Brown v. State

PER CURIAM.

Brown appeals his conviction for petit larceny under Section 812.014(2)(c), Florida Statutes (1977) under which his crime was punishable as a third degree felony because of two prior petit larceny convictions. Brown argues that the reading of the information containing references to the prior convictions and the proof of these convictions offered at trial, constituted fundamental error and that, therefore, although objection was not made in the trial court the appellate court should reverse. We disagree.

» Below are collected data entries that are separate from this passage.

(* In the mechanism $\mathcal{M}_{sCA}$, let $\mathbf{t}$ be the true types and $(A_1,\dots,A_n)$ a feasible allocation maximizing $\sum_i t_i(A_i)$. Let $\mathbf{d}$ be a separated profile of single-minded declarations $(S_j,t_j(S_j))$. If $\sum_{j\in R_i(\mathbf{d},A_i)}d_j(S_j)<\frac12 t_i(A_i)$, then any utility-maximizing undominated declaration $d_i$ for agent $i$ (against $\mathbf{d}_{-i}$) is a single-minded declaration for some set $S_i$ with $d_i(S_i)\ge\frac12 t_i(A_i)$.
   Context: $s$-CA problem: $n$ agents, items $M$; feasible allocations consist of pairwise disjoint sets each of size at most $s$. Agent $i$ has private monotone valuation $t_i$, $t_i(\emptyset)=0$. Single-minded declaration $(S,x)$: value $x$ on supersets of $S$, $0$ otherwise. Mechanism $\mathcal{M}_{sCA}$: (1) replace each declaration by $(S_i,d_i(S_i))$ with $S_i\in\arg\max_S d_i(S)$ (ties to smaller sets); (2) greedily, in decreasing order of declared value, tentatively allocate sets of size at most $s$ disjoint from previously allocated ones, giving $T_1,\dots,T_n$; (3) for each $i$ with $T_i\ne\emptyset$, if $d_i(T_i)\le\sum_{j\ne i:\,S_j\cap T_i\neq\emptyset}d_j(S_j)$ set $T_i=\emptyset$; (4) allocate $T_1,\dots,T_n$ and charge each winner his critical price (infimum value he could declare for his set and still win it). Utility = true value minus payment. Undominated strategies are the single-minded declarations $(S,t_i(S))$. Notation: $R_i(\mathbf{d},T)=\{j\ne i:S_j\cap T\ne\emptyset\}$, $Q_i(\mathbf{d},T)=\{j\in R_i(\mathbf{d},T):d_j(S_j)<t_i(T)\}$; $\mathbf{d}$ is separated if $\sum_{j\in Q_i(\mathbf{d},S_i)}d_j(S_j)\le d_i(S_i)$ for all $i$. *)

From mathcomp Require Import all_boot all_order all_algebra.
From mathcomp Require Import boolp classical_sets reals.
From mathcomp Require Import finset.
Set Implicit Arguments.
Unset Strict Implicit.
Unset Printing Implicit Defensive.
Import Order.TTheory GRing.Theory Num.Theory.
Local Open Scope ring_scope.

Section SCA.
Variables (R : realType) (M : finType) (n s : nat).

(* A (single-minded) declaration (S, x): value x on supersets of S. *)
Definition decl := ({set M} * R)%type.
Definition profile := 'I_n -> decl.

Definition sm_val (D : decl) (T : {set M}) : R :=
  if D.1 \subset T then D.2 else 0.

(* Step (1): replace by (S_i, d_i(S_i)) with S_i an argmax, ties to smaller
   sets.  For a single-minded declaration (S,x) with x > 0 the unique
   smallest maximizer is S; if x <= 0 the empty set maximizes. *)
Definition dset (d : profile) (j : 'I_n) : {set M} :=
  if 0 < (d j).2 then (d j).1 else set0.
Definition dval (d : profile) (j : 'I_n) : R := (d j).2.

Definition greedy_le (d : profile) (j k : 'I_n) : bool :=
  (dval d k < dval d j) || ((dval d k == dval d j) && (j <= k)%N).
Definition greedy_order (d : profile) : seq 'I_n :=
  sort (greedy_le d) (enum 'I_n).

Definition greedy_step (d : profile)
    (acc : {set M} * {ffun 'I_n -> {set M}}) (j : 'I_n) :=
  let S := dset d j in
  if (#|S| <= s)%N && [disjoint S & acc.1]
  then (acc.1 :|: S, [ffun k => if k == j then S else acc.2 k])
  else acc.
Definition tentative (d : profile) : {ffun 'I_n -> {set M}} :=
  (foldl (greedy_step d) (set0, [ffun => set0]) (greedy_order d)).2.

Definition Rset (d : profile) (i : 'I_n) (T : {set M}) : {set 'I_n} :=
  [set j | (j != i) && (dset d j :&: T != set0)].

Definition final_alloc (d : profile) (i : 'I_n) : {set M} :=
  let T := tentative d i in
  if (T != set0) && (sm_val (d i) T <= \sum_(j in Rset d i T) dval d j)
  then set0 else T.

Definition upd (d : profile) (i : 'I_n) (D : decl) : profile :=
  fun j => if j == i then D else d j.

Definition critical_price (d : profile) (i : 'I_n) : R :=
  inf [set x : R | final_alloc (upd d i (final_alloc d i, x)) i
                   = final_alloc d i].
Definition payment (d : profile) (i : 'I_n) : R :=
  if final_alloc d i != set0 then critical_price d i else 0.

Definition utility (t : 'I_n -> {set M} -> R) (d : profile) (i : 'I_n) : R :=
  t i (final_alloc d i) - payment d i.

Definition valuation (v : {set M} -> R) : Prop :=
  v set0 = 0 /\ forall A B : {set M}, A \subset B -> v A <= v B.

Definition feasible (A : 'I_n -> {set M}) : Prop :=
  (forall i, (#|A i| <= s)%N) /\
  (forall i j, i != j -> [disjoint A i & A j]).

Definition optimal_alloc (t : 'I_n -> {set M} -> R) (A : 'I_n -> {set M}) :=
  feasible A /\
  forall B, feasible B -> \sum_i t i (B i) <= \sum_i t i (A i).

Definition Qset (t : 'I_n -> {set M} -> R) (d : profile) (i : 'I_n)
    (T : {set M}) : {set 'I_n} :=
  [set j in Rset d i T | dval d j < t i T].
Definition separated (t : 'I_n -> {set M} -> R) (d : profile) : Prop :=
  forall i, \sum_(j in Qset t d i (dset d i)) dval d j <= dval d i.

Definition undominated_decl (t : 'I_n -> {set M} -> R) (i : 'I_n)
    (S : {set M}) : decl := (S, t i S).

Definition best_undominated (t : 'I_n -> {set M} -> R) (d : profile)
    (i : 'I_n) (S : {set M}) : Prop :=
  forall S' : {set M},
    utility t (upd d i (undominated_decl t i S')) i
      <= utility t (upd d i (undominated_decl t i S)) i.

End SCA.

From mathcomp Require Import all_boot all_order all_algebra.
From mathcomp Require Import boolp classical_sets reals.
From mathcomp Require Import finset.
From mathcomp Require Import lra.
Set Implicit Arguments.
Unset Strict Implicit.
Unset Printing Implicit Defensive.
Import Order.TTheory GRing.Theory Num.Theory.
Local Open Scope ring_scope.

(* Declaring (A_i, t_i(A_i)) wins A_i: every competitor overlapping A_i declares
   less than t_i(A_i)/2, so A_i comes first among its rivals in the greedy order
   and survives step (3).  For the same reason any bid above the total declared
   value of these rivals still wins A_i, so the critical price is at most
   t_i(A_i)/2 and the utility of this declaration is at least t_i(A_i)/2.  An
   optimal undominated (S_i, t_i(S_i)) does at least as well, and since payments
   are nonnegative its utility never exceeds t_i(S_i). *)

Section Mechanism.
Variables (R : realType) (M : finType) (n s : nat).
Implicit Types (d : profile R M n) (i j k : 'I_n) (T : {set M}) (l : seq 'I_n)
  (acc : {set M} * {ffun 'I_n -> {set M}}).

Lemma valuation_ge0 (v : {set M} -> R) T : valuation v -> 0 <= v T.
Proof. by case=> v0 v_mono; rewrite -v0 v_mono ?sub0set. Qed.

Lemma foldl_greedy_step_cases d l acc k :
  (acc.2 k = set0 \/ acc.2 k = dset d k) ->
  let F := (foldl (greedy_step s d) acc l).2 k in F = set0 \/ F = dset d k.
Proof.
elim: l acc => [|j l IHl] acc //= acc_k; apply: IHl.
rewrite /greedy_step; case: ifP => //= _; rewrite ffunE.
by case: eqP => [->|_]; [right|].
Qed.

Lemma final_alloc_cases d k :
  final_alloc s d k = set0 \/ final_alloc s d k = dset d k.
Proof.
rewrite /final_alloc; case: ifP => _; first by left.
by apply: foldl_greedy_step_cases; rewrite /= ffunE; left.
Qed.

Lemma final_alloc_sub d k : final_alloc s d k \subset (d k).1.
Proof.
have [->|->] := final_alloc_cases d k; first exact: sub0set.
by rewrite /dset; case: ifP => _; rewrite ?sub0set.
Qed.

Lemma upd_eq d i D : upd d i D i = D.
Proof. by rewrite /upd eqxx. Qed.

Lemma upd_upd d i D D' : upd (upd d i D) i D' = upd d i D'.
Proof. by apply: funext => j; rewrite /upd; case: (j == i). Qed.

Lemma upd_id d i : upd d i (d i) = d.
Proof. by apply: funext => j; rewrite /upd; case: eqP => [->|]. Qed.

Lemma sum_Rset_upd d i D T :
  \sum_(j in Rset (upd d i D) i T) dval (upd d i D) j =
  \sum_(j in Rset d i T) dval d j.
Proof.
have -> : Rset (upd d i D) i T = Rset d i T.
  by apply/setP => j; rewrite !inE /dset /upd; case: (j == i).
apply: eq_bigr => j; rewrite inE => /andP[/negbTE ji _].
by rewrite /dval /upd ji.
Qed.

Lemma final_alloc_upd_gt0 d i T x :
  T != set0 -> final_alloc s (upd d i (T, x)) i = T -> 0 < x.
Proof.
move=> T0 win; have [F0|] := final_alloc_cases (upd d i (T, x)) i.
  by rewrite -win F0 eqxx in T0.
rewrite win /dset upd_eq /=; case: ifP => // _ T0'.
by rewrite T0' eqxx in T0.
Qed.

Lemma greedy_le_trans d : transitive (greedy_le d).
Proof.
move=> k j l; rewrite /greedy_le.
move=> /orP[h1|/andP[/eqP e1 h1]] /orP[h2|/andP[/eqP e2 h2]]; apply/orP.
- by left; exact: lt_trans h2 h1.
- by left; rewrite e2.
- by left; rewrite -e1.
- by right; rewrite e2 e1 eqxx (leq_trans h1 h2).
Qed.

Lemma greedy_le_total d : total (greedy_le d).
Proof.
move=> j k; rewrite /greedy_le.
by have [||_] := ltgtP (dval d j) (dval d k); rewrite //= leq_total.
Qed.

Lemma pairwise_greedy_order d : pairwise (greedy_le d) (greedy_order d).
Proof.
rewrite -sorted_pairwise; last exact: greedy_le_trans.
exact/sort_sorted/greedy_le_total.
Qed.

Lemma foldl_greedy_step_notin d l acc k :
  k \notin l -> (foldl (greedy_step s d) acc l).2 k = acc.2 k.
Proof.
elim: l acc => [|j l IHl] acc //=; rewrite inE negb_or => /andP[kj kl].
rewrite IHl // /greedy_step; case: ifP => //= _.
by rewrite ffunE (negbTE kj).
Qed.

Lemma foldl_greedy_step_disjoint d l acc T :
  {in l, forall j, [disjoint dset d j & T]} ->
  [disjoint acc.1 & T] -> [disjoint (foldl (greedy_step s d) acc l).1 & T].
Proof.
elim: l acc => [|j l IHl] acc //= disj acc_T.
apply: IHl => [k kl|]; first by apply: disj; rewrite inE kl orbT.
rewrite /greedy_step; case: ifP => //= _.
by rewrite !disjoints_subset subUset -!disjoints_subset acc_T disj ?mem_head.
Qed.

Lemma tentative_upd_win d i T x :
  0 < x -> (#|T| <= s)%N -> (forall j, j != i -> 0 <= dval d j) ->
  \sum_(j in Rset d i T) dval d j < x ->
  tentative s (upd d i (T, x)) i = T.
Proof.
set e := upd d i (T, x) => x_gt0 Ts d_ge0 sum_lt.
have dval_i : dval e i = x by rewrite /dval /e upd_eq.
have dset_i : dset e i = T by rewrite /dset /e upd_eq /= x_gt0.
have rival_lt j : j \in Rset e i T -> dval e j < x.
  move=> jR; apply: le_lt_trans sum_lt; rewrite -(sum_Rset_upd d i (T, x)).
  rewrite (bigD1 j) //= lerDl; apply: sumr_ge0 => k /andP[+ _].
  by rewrite inE => /andP[ki _]; rewrite /dval /e /upd (negbTE ki) d_ge0.
have i_in : i \in greedy_order e by rewrite mem_sort mem_enum.
have := pairwise_greedy_order e; have := sort_uniq (greedy_le e) (enum 'I_n).
rewrite /tentative -/(greedy_order e) enum_uniq.
case/splitPr: i_in => s1 s2.
rewrite cat_uniq /= => /and3P[_ /norP[i_s1 _] /andP[i_s2 _]].
rewrite pairwise_cat allrel_consr => /and3P[/andP[before_i _] _ _].
have s1_disj : {in s1, forall j, [disjoint dset e j & T]}.
  move=> j js1; rewrite -setI_eq0; apply: contraTT (allP before_i j js1) => meet.
  have j_lt : dval e j < x.
    by apply: rival_lt; rewrite inE meet andbT; apply: contraNneq i_s1 => <-.
  by rewrite /greedy_le dval_i negb_or -leNgt (ltW j_lt) (gt_eqF j_lt).
rewrite foldl_cat /= foldl_greedy_step_notin // /greedy_step dset_i Ts /=.
rewrite disjoint_sym foldl_greedy_step_disjoint //= ?ffunE ?eqxx //.
by rewrite disjoints_subset sub0set.
Qed.

Lemma final_alloc_upd_win d i T x :
  0 < x -> T != set0 -> (#|T| <= s)%N -> (forall j, j != i -> 0 <= dval d j) ->
  \sum_(j in Rset d i T) dval d j < x ->
  final_alloc s (upd d i (T, x)) i = T.
Proof.
move=> x_gt0 T0 Ts d_ge0 sum_lt.
rewrite /final_alloc tentative_upd_win // T0 /sm_val upd_eq /= subxx sum_Rset_upd.
by rewrite leNgt sum_lt.
Qed.

Lemma winning_bids_lbound0 d i T :
  T != set0 -> lbound [set x | final_alloc s (upd d i (T, x)) i = T] 0.
Proof. by move=> T0 x /(final_alloc_upd_gt0 T0) /ltW. Qed.

Lemma critical_price_le d i T x y :
  T != set0 -> final_alloc s (upd d i (T, x)) i = T ->
  final_alloc s (upd d i (T, y)) i = T ->
  critical_price s (upd d i (T, x)) i <= y.
Proof.
move=> T0 win_x win_y; rewrite /critical_price win_x.
apply: ge_inf; last by rewrite /= upd_upd.
by exists 0; under eq_fun do rewrite upd_upd; exact: winning_bids_lbound0.
Qed.

Lemma payment_ge0 d i : 0 <= payment s d i.
Proof.
rewrite /payment; case: ifPn => // F0; rewrite /critical_price.
apply: lb_le_inf; last exact: winning_bids_lbound0.
exists (d i).2 => /=.
have [F_eq|F_eq] := final_alloc_cases d i; first by rewrite F_eq eqxx in F0.
have F_decl : final_alloc s d i = (d i).1.
  by move: F0; rewrite F_eq /dset; case: ifP; rewrite ?eqxx.
by rewrite F_decl -surjective_pairing upd_id.
Qed.

Lemma utility_le_value (t : 'I_n -> {set M} -> R) d i :
  valuation (t i) -> utility s t d i <= t i (d i).1.
Proof.
case=> _ t_mono; rewrite /utility lerBlDr.
by apply: ler_wpDr (payment_ge0 d i) _; apply/t_mono/final_alloc_sub.
Qed.

End Mechanism.

Theorem proposition4p5 (R : realType) (M : finType) (n s : nat)
    (t : 'I_n -> {set M} -> R) (A : 'I_n -> {set M})
    (S : 'I_n -> {set M}) (i : 'I_n) :
  (forall j, valuation (t j)) ->
  optimal_alloc s t A ->
  let d : profile R M n := fun j => (S j, t j (S j)) in
  separated t d ->
  \sum_(j in Rset d i (A i)) dval d j < t i (A i) / 2 ->
  forall Si : {set M}, best_undominated s t d i Si ->
    let di := undominated_decl t i Si in
    t i (A i) / 2 <= sm_val di Si.
Proof.
move=> t_val [[A_s _] _] d _ sum_lt Si best.
rewrite /undominated_decl /sm_val /= subxx.
set v := t i (A i) in sum_lt *.
have d_ge0 j : 0 <= dval d j by apply: valuation_ge0.
have sum_ge0 : 0 <= \sum_(j in Rset d i (A i)) dval d j by apply: sumr_ge0.
have v_gt0 : 0 < v by lra.
have A0 : A i != set0.
  by apply: contraTneq v_gt0 => A_eq; rewrite /v A_eq (proj1 (t_val i)) ltxx.
pose wins y := final_alloc s (upd d i (A i, y)) i = A i.
have win y : v / 2 <= y -> wins y.
  by move=> y_ge; apply: final_alloc_upd_win => //; lra.
have u_A : v / 2 <= utility s t (upd d i (A i, v)) i.
  have [win_v win_half] : wins v /\ wins (v / 2) by split; apply: win; lra.
  have := critical_price_le A0 win_v win_half.
  by rewrite /utility /payment win_v A0 /= -/v; lra.
have := best (A i); have := utility_le_value s (upd d i (Si, t i Si)) (t_val i).
by rewrite upd_eq /undominated_decl -/v /=; lra.
Qed.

In State v. Harris, 356 So.2d 315 (Fla.1978) the Supreme Court, in considering the constitutionality of Section 812.021(3), ruled the statute constitutional but inferred that it would be constitutional error to follow the procedure previously approved in Nichols v. State, 231 So.2d 526 (Fla.2d DCA 1970), which was the same procedure followed sub judice. However, in Clark v. State, 363 So.2d 331 (Fla.1978), the Supreme Court stated:

*788“[E]ven constitutional errors, other than those constituting fundamental error, are waived unless timely raised in the trial court. Sanford v. Rubin, 237 So.2d 134 (Fla.1970). ‘Fundamental error’, which can be considered on appeal without objection in the lower court, is error which goes to the foundation of the case or goes to the merits of the cause of action. An improper comment on defendant’s exercise of his right to remain silent is constitutional error, but it is not fundamental error. Cf. Chapman v. California, 386 U.S. 18, 87 S.Ct. 824, 17 L.Ed.2d 705 (1967); Doyle v. Ohio, 426 U.S. 610, 96 S.Ct. 2240, 49 L.Ed.2d 91 (1976).”

We find that the error below, not preserved for review, is no more serious than a comment on silence. Clark, supra. Therefore, we decline to hold that fundamental error occurred because of the procedure utilized. The evidence was sufficient to sustain the conviction for the third petit larceny.

AFFIRMED.

McCORD, C. J., and ERVIN and MELVIN, JJ., concur.